The really cool thing is that, using this, we can tell the temperature of any star just by looking at its colour. Our sun, for example, has a surface temperature very close to 6000K.

I could keep going here. I could tell you how knowing the temperature of the Sun, Planck's law tells us exactly how much energy it is emitting per unit of surface area. Newton's laws applied to the gravitational attraction between the Earth and Sun (or Einstein's - they're both good enough for this one), knowing how long it takes for Earth to travel around the Sun, tells us how far away the Sun is, and its mass. Knowing how far away it is, we can calculate its size in two completely different methods:

  1. Measure how big the Sun is on the sky, and calculate its size using geometry.
  2. Measure how much light from the Sun is received on Earth, and calculate its size based on knowing how big it would have to be to generate that much energy, given we know its temperature.
And the cool thing is that these two methods give exactly the same answer.

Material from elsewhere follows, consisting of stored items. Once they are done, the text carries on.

Lemma nrm_continuous : continuous nrm.
Proof.
move=> x; have [C C_gt0 nrm_le] := nrm_le_mx_norm.
have nrm_dist y : `|nrm x - nrm y| <= nrm (x - y).
  case: nrm_norm => _ _ _ nrmD.
  have := nrmD (x - y) y; have := nrmD (y - x) x; rewrite !subrK -opprB nrmN.
  by rewrite ler_norml => *; apply/andP; split; lra.
apply/(@cvgrPdist_lt _ _ _ (nbhs x)) => e e_gt0; near=> y.
rewrite (le_lt_trans (nrm_dist y)) // (le_lt_trans (nrm_le _)) // -ltr_pdivlMl //.
by near: y; apply: cvgr_dist_lt; [exact: cvg_id | rewrite mulr_gt0 ?invr_gt0].
Unshelve. all: by end_near.
Qed.

Lemma mx_norm_le_nrm : exists2 m, 0 < m & forall x, m * `|x| <= nrm x.
Proof.
case: nrm_norm => nrm_ge0 nrm_eq0 nrmZ _.
set S := [set u : 'rV[R]_n | `|u| = 1].
have normalize_S x : x != 0 -> S (`|x|^-1 *: x) by move=> x0; exact: normfZV.
have [[u0 Su0]|S0] := pselect (S !=set0); last first.
  exists 1 => // x; have [->|x0] := eqVneq x 0; first by rewrite normr0 mulr0 nrm0.
  by exfalso; apply: S0; exists (`|x|^-1 *: x); exact: normalize_S.
have S_compact : compact S.
  apply: bounded_closed_compact; first by exists 1; split => // M M1 x /= ->; exact: ltW.
  exact: (closed_comp (fun _ _ => @norm_continuous _ _ _)) (@closed_eq _ 1).
have [c Sc cmin] := EVT_min_rV (ex_intro _ u0 Su0) S_compact
  (continuous_subspaceT nrm_continuous).
have c0 : c != 0.
  by apply/eqP => c0; move: Sc; rewrite in_setE /S /= c0 normr0 => /esym/eqP; rewrite oner_eq0.
exists (nrm c) => [|x].
  by rewrite lt_def nrm_ge0 andbT; apply: contra c0 => /eqP/nrm_eq0 ->.
have [->|x0] := eqVneq x 0; first by rewrite normr0 mulr0 nrm0.
have := cmin _ (mem_set (normalize_S x x0)).
by rewrite nrmZ ger0_norm ?invr_ge0 // ler_pdivlMl ?normr_gt0 // mulrC.
Qed.

End NormEquivalence.

Lemma ebounded_dom_mx_norm (R : realType) n (nrm : 'rV[R]_n -> R) (h : 'rV[R]_n -> \bar R) :
  is_norm nrm -> ebounded_dom nrm h -> exists B, forall u, edom h u -> `|u| <= B.
Proof.
move=> nrm_norm [M hM]; have [m m_gt0 m_le] := mx_norm_le_nrm nrm_norm.
by exists (M / m) => u /hM uM; rewrite ler_pdivlMr // mulrC (le_trans (m_le u)).
Qed.

Lemma conj_real_ge (R : realType) n (F : 'rV[R]_n -> R) s x :
  ((dotp s x - F x)%:E <= conj_real F s)%E.
Proof. by apply: ereal_sup_ubound; exists x. Qed.

Section ConvexConjugate.
Variables (R : realType) (n : nat) (f : 'rV[R]_n -> R) (gradf : 'rV[R]_n -> 'rV[R]_n).
Hypotheses (gradf_f : is_gradient f gradf) (f_convex : convex_fun f).
Local Notation fstar := (conj_real f).

Lemma conj_real_grad q : fstar (gradf q) = (dotp (gradf q) q - f q)%:E.
Proof.
apply/eqP; rewrite eq_le conj_real_ge andbT; apply: ge_ereal_sup => _ [x _ <-].
by rewrite lee_fin; have := convex_grad_subgradient gradf_f q x f_convex; rewrite dotpBr; lra.
Qed.

Lemma conj_real_le_grad q G : (fstar G <= (dotp G q - f q)%:E)%E -> G = gradf q.
Proof.
move=> FY; apply/esym/(subgradient_grad gradf_f) => p.
by have := le_trans (conj_real_ge f G p) FY; rewrite lee_fin dotpBr; lra.
Qed.

Lemma argmin_conj_grad q G :
  is_argmin (fun u => fstar u - (dotp q u)%:E)%E G -> G = gradf q.
Proof.
move=> Gmin; apply: conj_real_le_grad.
have := Gmin (gradf q); rewrite conj_real_grad -EFinB [dotp q (gradf q)]dotpC.
by rewrite addrAC subrr add0r leeBlDr // -EFinD addrC dotpC.
Qed.

Lemma gem_argmin_grad (b c L : R) (vh xk gk gn : 'rV[R]_n) :
  0 < b -> 0 < c -> 0 < L -> fstar gk \is a fin_num ->
  is_argmin (fun u => ((b%:E * ((dotp (- vh) u)%:E + fstar u)
    + c%:E * (L%:E * (fstar u - fstar gk - (dotp xk (u - gk))%:E))))%E) gn ->
  gn = gradf ((b + c * L)^-1 *: (b *: vh + (c * L) *: xk)).
Proof.
move=> b_gt0 c_gt0 L_gt0 gk_fin gn_min; set K := b + c * L.
have K_gt0 : 0 < K by rewrite addr_gt0 // mulr_gt0.
apply: argmin_conj_grad => u.
rewrite -(fineK gk_fin) in gn_min; set r := fine (fstar gk) in gn_min.
have objE w : ((b%:E * ((dotp (- vh) w)%:E + fstar w)
    + c%:E * (L%:E * (fstar w - r%:E - (dotp xk (w - gk))%:E))))%E =
  (K%:E * (fstar w - (dotp (K^-1 *: (b *: vh + (c * L) *: xk)) w)%:E)
    + (c * L * (dotp xk gk - r))%:E)%E.
  case: (fstar w) => [r1||] /=.
  - rewrite -!EFinB -!EFinD; congr EFin.
    rewrite !dotpZl dotpDl !dotpZl dotpNl dotpBr.
    by move: (lt0r_neq0 K_gt0); rewrite /K => K_neq0; field.
  - by rewrite !(addye, addey, gt0_muley) ?lte_fin.
  - by rewrite !(addNye, addeNy, gt0_muleNy) ?lte_fin.
by have := gn_min u; rewrite !objE leeD2rE // lee_pmul2l ?lte_fin.
Qed.
End ConvexConjugate.

Lemma conj_ext_ge (R : realType) n (H : 'rV[R]_n -> \bar R) p x :
  ((dotp p x)%:E - H x <= conj_ext H p)%E.
Proof. by apply: ereal_sup_ubound; exists x. Qed.

Section ConjugateBoundedDomain.
Variables (R : realType) (n : nat) (H : 'rV[R]_n -> \bar R) (B : R) (s x : 'rV[R]_n).
Hypotheses (H_proper : eproper H) (H_bounded : forall u, edom H u -> `|u| <= B).
Hypothesis x_min : is_argmin (fun u => ((dotp s u)%:E + H u)%E) x.

Lemma argmin_fin_num : H x \is a fin_num.
Proof.
case: H_proper => H_neqNy [u Hu_lty]; move: (H_neqNy x).
have := le_lt_trans (x_min u) (lte_add_pinfty (ltry (dotp s u)) Hu_lty).
by case: (H x).
Qed.

Let hx := fine (H x).

(* The argmin inequality bounds H below by an affine function on its bounded domain. *)
Lemma conj_ext_le p :
  (conj_ext H p <= (dotp (- s) x - hx + (\sum_(j < n) `|(p + s) 0 j|) * B)%:E)%E.
Proof.
apply: ge_ereal_sup => _ [u _ <-].
case: H_proper => H_neqNy _.
case Hu: (H u) => [r||]; [|by rewrite /= addeNy leNye|by have := H_neqNy u; rewrite Hu].
have u_le : `|u| <= B by apply: H_bounded; rewrite /edom /= Hu ltry.
have := x_min u; rewrite -(fineK argmin_fin_num) Hu -!EFinD !lee_fin -/hx.
have := dotp_le_sum_norm (p + s) u; rewrite dotpDl dotpNl.
have S_ge0 : 0 <= \sum_(j < n) `|(p + s) 0 j| by rewrite sumr_ge0.
have := ler_wpM2l S_ge0 u_le; lra.
Qed.

Lemma conj_ext_fin_num p : conj_ext H p \is a fin_num.
Proof.
rewrite fin_numE; apply/andP; split.
  by rewrite -ltNye (lt_le_trans _ (conj_ext_ge H p x)) // -(fineK argmin_fin_num) -EFinB ltNyr.
by rewrite -ltey (le_lt_trans (conj_ext_le p)) ?ltry.
Qed.

Lemma conj_ext_argmin : conj_ext H (- s) = (dotp (- s) x - hx)%:E.
Proof.
apply/eqP; rewrite eq_le; apply/andP; split.
  by have := conj_ext_le (- s); rewrite addNr big1 ?mul0r ?addr0 // => j _; rewrite mxE normr0.
by rewrite EFinB /hx fineK ?conj_ext_ge // argmin_fin_num.
Qed.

I could tell you how knowing the mass of the Sun and how fast it is generating energy tells us how long the Sun will live before burning out. This, combined with the physics of hot gases and nuclear energy tells us how long ago the Sun was born. This physics also gives us another estimate of the mass of the Sun, based on how much energy it produces and how fast the nuclear reactions inside it need to go, which matches the one derived from gravity.

By cataloguing stars across the night sky we can measure all of their temperatures from their colours. By simple geometry we can measure the distances to nearby stars knowing the distance from the Earth to the Sun as a baseline. That distance, combined with how bright the stars appear from Earth tells us how bright they are close up, and how much energy they are producing. Combining that with the temperature and our models of nuclear physics we can measure the masses of those stars.

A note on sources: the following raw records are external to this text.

Lemma carrier_bounds_all k nu : (2 <= k)%nat -> carrier_bounds k nu.
Proof.
  intros hk. induction nu as [|nu IH]; intros C HC.
  - destruct (level0_integrals k C hk HC) as [Hw He]. split; [exact Hw|].
    eexists; split; [exact He|].
    pose proof (tau_ge k hk). pose proof (carries_len_pos _ _ _ HC).
    assert (0 < 2 ^ (nn k - 0)) by (apply pow_lt; lra).
    assert (0 < 2 ^ (nn k - 0) * len C) by (apply Rmult_lt_0_compat; lra).
    nra.
  - destruct (tail_integrals k nu C hk HC IH 0 ltac:(lia)) as [Hw [v [He Hv]]].
    rewrite sub_lo_0 in Hw, He. rewrite tail_mass_0 in Hw by exact hk.
    rewrite tail_energy_0 in Hv by exact hk.
    split; [exact Hw | exists v; split; [exact He | lra]].
Qed.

We discover that the temperatures and masses of stars follow a well-defined pattern - by measuring the temperature (from their colour) we can determine their mass. We learn that some stars pulsate, with periods that depend only on their masses. So we can measure the masses of stars a long way from us simply by measuring how fast they pulsate. And if we know the mass, we know the brightness, and if we know the brightness, and how bright they look from Earth, we can calculate how far away they are.

This is how science works. From understanding something as trivial as blackness, we can build an understanding of the world, and the universe around us. We can do things that previous generations could only dream of. We can measure the temperatures, masses, sizes, and distances to objects that are so far away that light itself takes millions of years to reach us from them. We understand how much of the universe works.

It took geniuses to figure this stuff out. People like Newton and Einstein and Planck, and the countless other scientists along the way who contributed to our understanding of the universe. But it doesn't take a genius to ponder some of it, and to understand the basic ideas behind how things work.

I hope you learnt something just now that you hadn't known or thought about before (even if was just the word "teleological"). If you already knew everything I've just said, I hope you've learnt something about the value of explaining science to people. (If you already knew that, I hope you're a science teacher!)


2021-05-30 Rerun commentary: Just reading back over all of what I originally wrote above, I don't think I can add much to it now. Except that that thing about the Katamari ball and We call that ball "the Earth". must be one of the cleverest things I've ever written.